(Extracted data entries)
------

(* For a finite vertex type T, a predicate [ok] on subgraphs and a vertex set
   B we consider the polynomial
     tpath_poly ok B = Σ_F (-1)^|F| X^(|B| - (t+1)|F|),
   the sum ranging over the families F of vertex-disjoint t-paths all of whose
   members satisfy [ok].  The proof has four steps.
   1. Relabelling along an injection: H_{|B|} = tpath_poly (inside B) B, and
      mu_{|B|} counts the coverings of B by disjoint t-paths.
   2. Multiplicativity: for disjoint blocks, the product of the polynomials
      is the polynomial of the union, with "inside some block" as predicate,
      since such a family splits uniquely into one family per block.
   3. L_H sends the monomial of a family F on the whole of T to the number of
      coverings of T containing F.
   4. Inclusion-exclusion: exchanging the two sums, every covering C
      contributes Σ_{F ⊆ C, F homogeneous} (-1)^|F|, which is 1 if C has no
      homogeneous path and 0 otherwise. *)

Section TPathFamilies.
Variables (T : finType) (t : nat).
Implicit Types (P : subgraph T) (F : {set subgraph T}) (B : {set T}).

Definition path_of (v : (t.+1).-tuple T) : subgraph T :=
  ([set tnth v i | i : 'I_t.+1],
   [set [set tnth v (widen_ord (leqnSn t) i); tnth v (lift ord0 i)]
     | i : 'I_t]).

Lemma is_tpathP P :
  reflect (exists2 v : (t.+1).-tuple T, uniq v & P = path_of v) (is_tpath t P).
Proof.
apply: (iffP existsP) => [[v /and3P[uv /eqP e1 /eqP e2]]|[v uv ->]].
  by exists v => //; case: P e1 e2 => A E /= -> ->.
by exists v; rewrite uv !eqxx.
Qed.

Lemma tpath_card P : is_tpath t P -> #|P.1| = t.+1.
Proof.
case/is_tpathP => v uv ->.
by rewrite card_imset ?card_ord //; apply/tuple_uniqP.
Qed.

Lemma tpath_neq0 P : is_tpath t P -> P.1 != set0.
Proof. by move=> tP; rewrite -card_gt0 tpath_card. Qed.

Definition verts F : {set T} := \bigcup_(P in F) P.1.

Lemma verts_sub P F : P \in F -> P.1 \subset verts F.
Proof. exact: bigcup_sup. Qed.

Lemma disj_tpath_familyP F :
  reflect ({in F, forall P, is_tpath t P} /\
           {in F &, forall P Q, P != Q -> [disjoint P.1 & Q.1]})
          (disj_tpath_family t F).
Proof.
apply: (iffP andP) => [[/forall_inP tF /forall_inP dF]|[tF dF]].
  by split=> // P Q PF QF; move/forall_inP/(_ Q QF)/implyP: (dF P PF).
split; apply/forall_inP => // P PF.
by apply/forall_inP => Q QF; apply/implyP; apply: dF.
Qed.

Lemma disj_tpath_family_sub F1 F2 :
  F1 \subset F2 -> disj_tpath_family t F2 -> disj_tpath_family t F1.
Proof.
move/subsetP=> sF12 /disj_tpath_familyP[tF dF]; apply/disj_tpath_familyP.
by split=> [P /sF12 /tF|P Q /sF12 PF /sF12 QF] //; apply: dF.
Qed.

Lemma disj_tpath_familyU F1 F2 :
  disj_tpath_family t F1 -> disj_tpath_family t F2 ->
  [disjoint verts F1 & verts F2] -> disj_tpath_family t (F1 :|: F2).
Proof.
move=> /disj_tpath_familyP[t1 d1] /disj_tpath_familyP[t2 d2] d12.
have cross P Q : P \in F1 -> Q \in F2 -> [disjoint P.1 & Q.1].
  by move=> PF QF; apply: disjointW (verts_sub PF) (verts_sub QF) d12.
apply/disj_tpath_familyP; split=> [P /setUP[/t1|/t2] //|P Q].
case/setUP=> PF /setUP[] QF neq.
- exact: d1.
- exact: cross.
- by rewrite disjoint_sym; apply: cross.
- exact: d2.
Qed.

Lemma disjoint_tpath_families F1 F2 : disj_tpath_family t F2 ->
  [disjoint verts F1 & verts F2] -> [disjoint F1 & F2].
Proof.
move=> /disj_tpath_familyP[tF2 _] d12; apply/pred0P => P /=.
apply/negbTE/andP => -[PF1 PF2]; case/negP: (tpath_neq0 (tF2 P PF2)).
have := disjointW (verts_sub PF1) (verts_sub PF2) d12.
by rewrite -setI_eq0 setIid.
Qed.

------

* Action item
Starting with the first line of the entries and ending with the line that has "case/is_tpathP => v uv ->.", copy each line exactly and add nothing.

* Response to this exercise
(* For a finite vertex type T, a predicate [ok] on subgraphs and a vertex set
   B we consider the polynomial
     tpath_poly ok B = Σ_F (-1)^|F| X^(|B| - (t+1)|F|),
   the sum ranging over the families F of vertex-disjoint t-paths all of whose
   members satisfy [ok].  The proof has four steps.
   1. Relabelling along an injection: H_{|B|} = tpath_poly (inside B) B, and
      mu_{|B|} counts the coverings of B by disjoint t-paths.
   2. Multiplicativity: for disjoint blocks, the product of the polynomials
      is the polynomial of the union, with "inside some block" as predicate,
      since such a family splits uniquely into one family per block.
   3. L_H sends the monomial of a family F on the whole of T to the number of
      coverings of T containing F.
   4. Inclusion-exclusion: exchanging the two sums, every covering C
      contributes Σ_{F ⊆ C, F homogeneous} (-1)^|F|, which is 1 if C has no
      homogeneous path and 0 otherwise. *)

Section TPathFamilies.
Variables (T : finType) (t : nat).
Implicit Types (P : subgraph T) (F : {set subgraph T}) (B : {set T}).

Definition path_of (v : (t.+1).-tuple T) : subgraph T :=
  ([set tnth v i | i : 'I_t.+1],
   [set [set tnth v (widen_ord (leqnSn t) i); tnth v (lift ord0 i)]
     | i : 'I_t]).

Lemma is_tpathP P :
  reflect (exists2 v : (t.+1).-tuple T, uniq v & P = path_of v) (is_tpath t P).
Proof.
apply: (iffP existsP) => [[v /and3P[uv /eqP e1 /eqP e2]]|[v uv ->]].
  by exists v => //; case: P e1 e2 => A E /= -> ->.
by exists v; rewrite uv !eqxx.
Qed.

Lemma tpath_card P : is_tpath t P -> #|P.1| = t.+1.
Proof.
case/is_tpathP => v uv ->.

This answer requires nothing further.